An antagonistic Super Set is one that combines biceps with triceps. 

You would then do a bicep exercise such as standing barbell curls followed by a triceps exercise such as triceps pushdowns or vice versa. This will make one “Super Set”. 

Then, you would rest for a few minutes before moving on to the next set. This will save you time and make your muscles work harder. It will also give you an amazing pump through your arms.

These are the best muscle groups for Antagonist Muscle Super Sets.

Super Set for Pre-Exhaust

Pre-exhaust Super Sets focus on one muscle group at a time. First, you do an isolation exercise and then move on to a compound exercise. There is no need to rest between sets. This is a great way for you to build your stubborn muscles groups.

Let’s take, for example, your chest muscles aren’t growing well. If this is the case, your chest muscles may not be working properly when you do chest exercises such as the bench press. This problem can be solved by starting with an isolation exercise first to pre-exhaust your pecs before you move on to the compound exercises.

You could begin with a set pec deck flys and then proceed to a set barbell bench presses. This will make one “Super Set”. Then, you would rest for a few minutes before moving on to the next set.

Super Set for Pre-Exhaust

Before you can move on to the bench presses, the pec deck flys will pump, isolate, and pre-exhaust all your pecs. This compound pressing exercise not only works your chest but also brings your shoulders and triceps into play.

These are some great examples of Pre-Exhaust super sets


Side lateral dumbbell raises + shoulder press with barbell


Pec deck Fly + Bench Press


preacher curls + standing barbell curls


triceps push downs + close grip bench press


Leg extensions + squats

Super Set for Post-Exhaust

Try These Supersets to Gain Lean Mass Quickly in No Time!!

The post-exhaust Super Set is another type of super setting. This is the exact opposite of the pre-exhaust Super Set. Instead of starting with an isolation move and ending with a compound movement, you can start with the compound move first. Start with the compound move and end with the isolation move.

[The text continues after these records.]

(* Assume the standing setup with (C1)–(C3), $1\le i\le n-1$, $\xi\in V_{\mathbb C}(\mathcal I_i)$, $\eta_i$, $\xi_{i+1,j}$ and $\theta_j$ ($j=1,\dots,m$) as in the context. Let $I_i=\langle[a,b],[c,d]\rangle$ be a complex interval containing $\eta_i$, and for $j=1,\dots,m$ let $K_j=\langle[p_j,q_j],[g_j,h_j]\rangle$ be pairwise disjoint complex intervals with $\theta_j\in K_j$. Define $J_{i+1,j}=\frac{K_j-I_i}{s_1\cdots s_i}=\frac{\langle[p_j-b,\,q_j-a],\,[g_j-d,\,h_j-c]\rangle}{s_1\cdots s_i}$. Suppose that for all $j$ $(q_j-p_j)+(b-a)<s_1\cdots s_i\,\epsilon$ and $(h_j-g_j)+(d-c)<s_1\cdots s_i\,\epsilon$, and that $S_{\eta_i}:=\min_{1\le k\ne j\le m}\mathrm{Dis}(K_k,K_j)>\max\{b-a,d-c\}$. Then $\xi_{i+1,j}\in J_{i+1,j}$ for every $j$, each $J_{i+1,j}$ has length less than $\epsilon$, and the $J_{i+1,j}$, $j=1,\dots,m$, are pairwise disjoint.
   Context: Standing setup. $\mathcal P\subset\mathbb Q[x_1,\dots,x_n]$ zero-dimensional; $\mathcal I_i=(\mathcal P)\cap\mathbb Q[x_1,\dots,x_i]$ with complex zero set $V_{\mathbb C}(\mathcal I_i)$. For $c=u+v\mathrm{i}$, $|c|=\max\{|u|,|v|\}$. Positive rationals $d_i,r_i,s_i$ satisfy (C1) $d_i<\min\{D_i,d_{i-1}/(2s_{i-1})\}$ where $D_i=\min\{\tfrac12|\alpha-\beta| : \eta\in V_{\mathbb C}(\mathcal I_{i-1}),(\eta,\alpha),(\eta,\beta)\in V_{\mathbb C}(\mathcal I_i),\alpha\ne\beta\}$ ($+\infty$ if empty), $s_0=1,d_0=+\infty$; (C2) $r_i>2\max\{|\alpha_i| : (\alpha_1,\dots,\alpha_i)\in V_{\mathbb C}(\mathcal I_i)\}$; (C3) $s_i\le d_i/r_{i+1}$. For $\xi=(\xi_1,\dots,\xi_i)\in V_{\mathbb C}(\mathcal I_i)$: $\eta_i=\xi_1+s_1\xi_2+\cdots+s_1\cdots s_{i-1}\xi_i$; $(\xi,\xi_{i+1,j})$, $j=1,\dots,m$, are all points of $V_{\mathbb C}(\mathcal I_{i+1})$ over $\xi$; $\theta_j=\eta_i+s_1\cdots s_i\xi_{i+1,j}$. A complex interval $\langle[a,b],[c,d]\rangle$ ($a\le b$, $c\le d$ rational) is the closed rectangle $\{u+v\mathrm i: u\in[a,b],v\in[c,d]\}$, of length $\max\{b-a,d-c\}$; dividing by a positive number divides all endpoints. For real intervals with $a_1\le a_2$: $\mathrm{Dis}([a_1,b_1],[a_2,b_2])=a_2-b_1$ if disjoint, else $0$; for complex intervals $\mathrm{Dis}(\langle I_1,J_1\rangle,\langle I_2,J_2\rangle)=\max\{\mathrm{Dis}(I_1,I_2),\mathrm{Dis}(J_1,J_2)\}$. *)

(* Complex numbers are modelled by algC (algebraic complex
   numbers): every point of the zero set of a zero-dimensional ideal over Q
   has algebraic coordinates, so nothing is lost. *)
From HB Require Import structures.
From mathcomp Require Import all_boot all_order all_algebra all_field.
Set Implicit Arguments. Unset Strict Implicit. Unset Printing Implicit Defensive.
Import Order.TTheory GRing.Theory Num.Theory.
Local Open Scope ring_scope.

(* Variable x_{k+1} is MVar k. *)
Inductive mpoly : Type :=
| MConst of rat
| MVar of nat
| MAdd of mpoly & mpoly
| MMul of mpoly & mpoly.

Fixpoint meval (e : seq algC) (p : mpoly) : algC :=
  match p with
  | MConst c => ratr c
  | MVar k => nth 0 e k
  | MAdd p q => meval e p + meval e q
  | MMul p q => meval e p * meval e q
  end.

Fixpoint vars_below (k : nat) (p : mpoly) : bool :=
  match p with
  | MConst _ => true
  | MVar l => (l < k)%N
  | MAdd p q => vars_below k p && vars_below k q
  | MMul p q => vars_below k p && vars_below k q
  end.

(* equality of polynomials over Q = equality as functions on C^N
   (C is infinite) *)
Definition peq (p q : mpoly) : Prop := forall e, meval e p = meval e q.

Definition lincomb (gs P : seq mpoly) : mpoly :=
  foldr (fun gp acc => MAdd (MMul gp.1 gp.2) acc) (MConst 0) (zip gs P).

(* f belongs to I_i = (P) ∩ Q[x_1..x_i], where (P) ⊆ Q[x_1..x_n] *)
Definition elim_ideal (P : seq mpoly) (n i : nat) (f : mpoly) : Prop :=
  vars_below i f /\
  exists gs : seq mpoly, size gs = size P /\ all (vars_below n) gs /\
    peq f (lincomb gs P).

Definition VC (P : seq mpoly) (n i : nat) (x : seq algC) : Prop :=
  size x = i /\ forall f, elim_ideal P n i f -> meval x f = 0.

Definition zero_dim (P : seq mpoly) (n : nat) : Prop :=
  exists s : seq (seq algC), forall x, VC P n n x -> x \in s.

Definition cnorm (z : algC) : algC := Num.max `|'Re z| `|'Im z|.

Definition cond_C1 (P : seq mpoly) (n : nat) (d s : nat -> rat) : Prop :=
  forall i, (1 <= i <= n)%N ->
    (forall (eta : seq algC) (al be : algC),
        VC P n i.-1 eta -> VC P n i (rcons eta al) -> VC P n i (rcons eta be) ->
        al != be -> ratr (d i) < cnorm (al - be) / 2) /\
    ((2 <= i)%N -> d i < d i.-1 / (2 * s i.-1)).

Definition cond_C2 (P : seq mpoly) (n : nat) (r : nat -> rat) : Prop :=
  forall i, (1 <= i <= n)%N ->
    forall alpha : seq algC, VC P n i alpha ->
      2 * cnorm (nth 0 alpha i.-1) < ratr (r i).

Definition cond_C3 (n : nat) (d r s : nat -> rat) : Prop :=
  forall i, (1 <= i < n)%N -> s i <= d i / r i.+1.

Definition sprod (s : nat -> rat) (k : nat) : rat := \prod_(l < k) s l.+1.

Definition eta_of (s : nat -> rat) (xi : seq algC) : algC :=
  \sum_(k < size xi) ratr (sprod s k) * nth 0 xi k.

Record cint := CInt { re_lo : rat; re_hi : rat; im_lo : rat; im_hi : rat }.

Definition cint_wf (I : cint) : Prop := re_lo I <= re_hi I /\ im_lo I <= im_hi I.

Definition in_cint (z : algC) (I : cint) : Prop :=
  ratr (re_lo I) <= 'Re z <= ratr (re_hi I) /\
  ratr (im_lo I) <= 'Im z <= ratr (im_hi I).

Definition cint_len (I : cint) : rat :=
  Num.max (re_hi I - re_lo I) (im_hi I - im_lo I).

Definition cint_disjoint (I J : cint) : Prop :=
  forall z : algC, ~ (in_cint z I /\ in_cint z J).

Definition cint_sub (K I : cint) : cint :=
  CInt (re_lo K - re_hi I) (re_hi K - re_lo I)
       (im_lo K - im_hi I) (im_hi K - im_lo I).

Definition cint_div (I : cint) (t : rat) : cint :=
  CInt (re_lo I / t) (re_hi I / t) (im_lo I / t) (im_hi I / t).

Definition rdis (a1 b1 a2 b2 : rat) : rat :=
  if a1 <= a2 then (if b1 < a2 then a2 - b1 else 0)
  else (if b2 < a1 then a1 - b2 else 0).

Definition cdis (I J : cint) : rat :=
  Num.max (rdis (re_lo I) (re_hi I) (re_lo J) (re_hi J))
          (rdis (im_lo I) (im_hi I) (im_lo J) (im_hi J)).

From HB Require Import structures.
From mathcomp Require Import all_boot all_order all_algebra all_field.
From mathcomp Require Import ring lra.
Import Order.TTheory GRing.Theory Num.Theory.
Local Open Scope ring_scope.

(* Write t = s_1 ... s_i > 0, so that theta_j = eta_i + t * xi_{i+1,j}.  The
   proof is componentwise: a complex interval is a product of two real ones,
   and everything reduces to the one-dimensional statement

     a <= e <= b  and  p <= e + t w <= q   imply   (p - b)/t <= w <= (q - a)/t,

   i.e. w = (theta - eta)/t lies in (K - I)/t.  The width of (K - I)/t is
   ((q - p) + (b - a))/t, which is < eps by hypothesis.  Two quotients
   (K - I)/t and (L - I)/t can only meet if K and L, each enlarged by b - a,
   overlap; then Dis(K, L) <= b - a in that coordinate, which contradicts
   Dis(K, L) > max(b - a, d - c). *)

Lemma sprod_gt0 (s : nat -> rat) (k : nat) :
  (forall l, (1 <= l <= k)%N -> 0 < s l) -> 0 < sprod s k.
Proof. by move=> spos; apply: prodr_gt0 => l _; apply: spos; rewrite ltn_ord. Qed.

Lemma rdis_le (p1 q1 p2 q2 delta : rat) : 0 <= delta ->
  p1 <= q1 -> p2 <= q2 -> p1 - q2 <= delta -> p2 - q1 <= delta ->
  rdis p1 q1 p2 q2 <= delta.
Proof. by move=> *; rewrite /rdis; case: ifP => _; case: ifP => _; lra. Qed.

Section RealBounds.
Variable R : numFieldType.
Implicit Types (a b p q t : rat) (e w : R).

Lemma quotient_interval_mem a b p q t e w : 0 < t ->
  ratr a <= e <= ratr b -> ratr p <= e + ratr t * w <= ratr q ->
  ratr ((p - b) / t) <= w <= ratr ((q - a) / t).
Proof.
move=> t_gt0 /andP[ae eb] /andP[pe eq].
have tR_gt0 : (0 : R) < ratr t by rewrite ltr0q.
have wE : w * ratr t = (e + ratr t * w) - e by ring.
rewrite !rmorphM !rmorphB /= fmorphV /= ler_pdivrMr // ler_pdivlMr // wE.
by apply/andP; split; apply: lerB.
Qed.

Lemma ratr_div_lt a t (eps : R) : 0 < t -> ratr a < ratr t * eps ->
  ratr (a / t) < eps.
Proof.
move=> t_gt0 lt_a; rewrite rmorphM /= fmorphV /= ltr_pdivrMr ?ltr0q //.
by rewrite mulrC.
Qed.

Lemma rdis_le_of_quotient_overlap a b p1 q1 p2 q2 t (u : R) :
  0 < t -> a <= b -> p1 <= q1 -> p2 <= q2 ->
  ratr ((p1 - b) / t) <= u <= ratr ((q1 - a) / t) ->
  ratr ((p2 - b) / t) <= u <= ratr ((q2 - a) / t) ->
  rdis p1 q1 p2 q2 <= b - a.
Proof.
move=> t_gt0 ab pq1 pq2 /andP[l1 u1] /andP[l2 u2].
have cross (x y : rat) : ratr (x / t) <= u -> u <= ratr (y / t) -> x <= y.
  have tV_gt0 : 0 < t^-1 by rewrite invr_gt0.
  move=> xu uy; rewrite -(ler_pM2r tV_gt0) -(ler_rat R).
  exact: le_trans xu uy.
have := cross _ _ l1 u2; have := cross _ _ l2 u1 => c21 c12.
apply: rdis_le; lra.
Qed.

End RealBounds.
Arguments rdis_le_of_quotient_overlap {R a b p1 q1 p2 q2 t u}.

Lemma ratr_real (t : rat) : (ratr t : algC) \is Num.real.
Proof. by rewrite realE ler0q lerq0 le_total. Qed.

Lemma Re_add_ratr_mul (t : rat) (e w : algC) :
  'Re (e + ratr t * w) = 'Re e + ratr t * 'Re w.
Proof. by rewrite raddfD /= ReMl // ratr_real. Qed.

Lemma Im_add_ratr_mul (t : rat) (e w : algC) :
  'Im (e + ratr t * w) = 'Im e + ratr t * 'Im w.
Proof. by rewrite raddfD /= ImMl // ratr_real. Qed.

Section ComplexQuotient.
Variables (I : cint) (t : rat).
Hypothesis t_gt0 : 0 < t.

Definition quotient_cint (K : cint) : cint := cint_div (cint_sub K I) t.

Lemma quotient_cint_mem (K : cint) (eta w : algC) :
  in_cint eta I -> in_cint (eta + ratr t * w) K -> in_cint w (quotient_cint K).
Proof.
case=> Ire Iim.
rewrite /in_cint /quotient_cint /= Re_add_ratr_mul Im_add_ratr_mul => -[Kre Kim].
by split; [exact: quotient_interval_mem t_gt0 Ire Kre
          | exact: quotient_interval_mem t_gt0 Iim Kim].
Qed.

Lemma quotient_cint_len_lt (K : cint) (eps : algC) :
  ratr ((re_hi K - re_lo K) + (re_hi I - re_lo I)) < ratr t * eps ->
  ratr ((im_hi K - im_lo K) + (im_hi I - im_lo I)) < ratr t * eps ->
  ratr (cint_len (quotient_cint K)) < eps.
Proof.
move=> re_lt im_lt; rewrite /cint_len /= -!mulrBl.
have widthE (lK hK lI hI : rat) : hK - lI - (lK - hI) = hK - lK + (hI - lI).
  by ring.
rewrite !widthE /Num.max; case: ifP => _; exact: ratr_div_lt.
Qed.

(* Quotients of intervals whose distance exceeds the length of I are
   disjoint: a common point would bring both coordinates within the
   corresponding width of I. *)
Lemma quotient_cint_disjoint (K L : cint) :
  cint_wf I -> cint_wf K -> cint_wf L -> cint_len I < cdis K L ->
  cint_disjoint (quotient_cint K) (quotient_cint L).
Proof.
case=> Ire Iim [Kre Kim] [Lre Lim] len_lt z.
rewrite /in_cint /quotient_cint /= => -[[zKre zKim] [zLre zLim]].
move: len_lt; rewrite /cdis /cint_len; apply/negP; rewrite -leNgt ge_max.
have dre := rdis_le_of_quotient_overlap t_gt0 Ire Kre Lre zKre zLre.
have dim := rdis_le_of_quotient_overlap t_gt0 Iim Kim Lim zKim zLim.
by rewrite !le_max dre dim orbT.
Qed.

End ComplexQuotient.

Lemma cint_disjoint_sym (I J : cint) : cint_disjoint I J -> cint_disjoint J I.
Proof. by move=> dIJ z [zJ zI]; exact: dIJ z (conj zI zJ). Qed.

Theorem mainTheorem10
  (n : nat) (P : seq mpoly)
  (HP : all (vars_below n) P) (Hzd : zero_dim P n)
  (d r s : nat -> rat)
  (Hpos : forall k, (1 <= k <= n)%N -> 0 < d k /\ 0 < r k /\ 0 < s k)
  (HC1 : cond_C1 P n d s) (HC2 : cond_C2 P n r) (HC3 : cond_C3 n d r s)
  (i : nat) (Hi : (1 <= i <= n.-1)%N)
  (xi : seq algC) (Hxi : VC P n i xi)
  (m : nat) (x : 'I_m -> algC) (Hxinj : injective x)
  (Hxall : forall al : algC, VC P n i.+1 (rcons xi al) <-> exists j, al = x j)
  (I : cint) (HIwf : cint_wf I) (HetaI : in_cint (eta_of s xi) I)
  (K : 'I_m -> cint) (HKwf : forall j, cint_wf (K j))
  (HthK : forall j, in_cint (eta_of s xi + ratr (sprod s i) * x j) (K j))
  (HKdisj : forall j k, j != k -> cint_disjoint (K j) (K k))
  (eps : algC)
  (Hre : forall j, ratr ((re_hi (K j) - re_lo (K j)) + (re_hi I - re_lo I))
                     < ratr (sprod s i) * eps)
  (Him : forall j, ratr ((im_hi (K j) - im_lo (K j)) + (im_hi I - im_lo I))
                     < ratr (sprod s i) * eps)
  (HS : forall j k, j != k -> cint_len I < cdis (K k) (K j)) :
  let J := fun j => cint_div (cint_sub (K j) I) (sprod s i) in
  (forall j, in_cint (x j) (J j)) /\
  (forall j, ratr (cint_len (J j)) < eps) /\
  (forall j k, j != k -> cint_disjoint (J j) (J k)).
Proof.
move=> J.
have t_gt0 : 0 < sprod s i.
  apply: sprod_gt0 => l /andP[l_ge1 l_le_i].
  have l_range : (1 <= l <= n)%N.
    by rewrite l_ge1 (leq_trans l_le_i) // (leq_trans (andP Hi).2) ?leq_pred.
  by have [_ []] := Hpos l l_range.
split; [|split].
- move=> j; exact: quotient_cint_mem t_gt0 _ _ _ HetaI (HthK j).
- move=> j; exact: quotient_cint_len_lt t_gt0 _ _ (Hre j) (Him j).
- move=> j k jk; apply: cint_disjoint_sym.
  exact: quotient_cint_disjoint t_gt0 _ _ HIwf (HKwf k) (HKwf j) (HS j k jk).
Qed.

While this will still work the targeted muscle, it will allow you to lift heavier weights for the compound exercise since your target muscle group isn’t yet pre-exhausted. There are pros and cons to each method, so don’t think one is better than the other. You could do both pre-exhaust and post-exhaust Super Sets for several weeks to reap the benefits.

Staggered Super Set

Super Sets can be used to pair up completely unrelated muscle groups. It’s also a great way for you to sneak in extra training for those hard-to-grow muscle groups. Let’s take, for example, your calves. You can add calve training to your workouts by super setting in calve raises along with other body parts

You could add a few calve raises to your chest exercise, for example. After you have completed a set bench press, do a quick set of calve lifts. Rest for a few minutes, then go back to it and do another set. This would be a Staggered Super Set.

The same could be done with your abs. You can also add a few crunches or leg raises to your routine.

Stagger Super Sets are best for smaller muscle groups like abs, calves, and forearms. Because the deadlift is a very demanding exercise, you wouldn’t want your routine to include a staggering set of deadlifts. You could also do calve raises and crunches or wrist curls while doing any other exercise

Remember, the best thing you can do for your body is to give it enough time (at least 2 days) to recover before training each muscle group again. So when you do your supersets, focus on making the weights heavy enough so that your body can handle as much stress as possible.

You also want to make sure that your sets/ reps/doses are heavy enough to be effective. Remember, supersets are only effective when used in your entire workout. So don’t neglect them when planning your next workout!


Super sets are very effective. Try one of these Super Sets in your next workout. Leave a comment below to let me know how it goes for you!

You’ll be amazed at how they increase the intensity of your training and stimulate new muscle growth.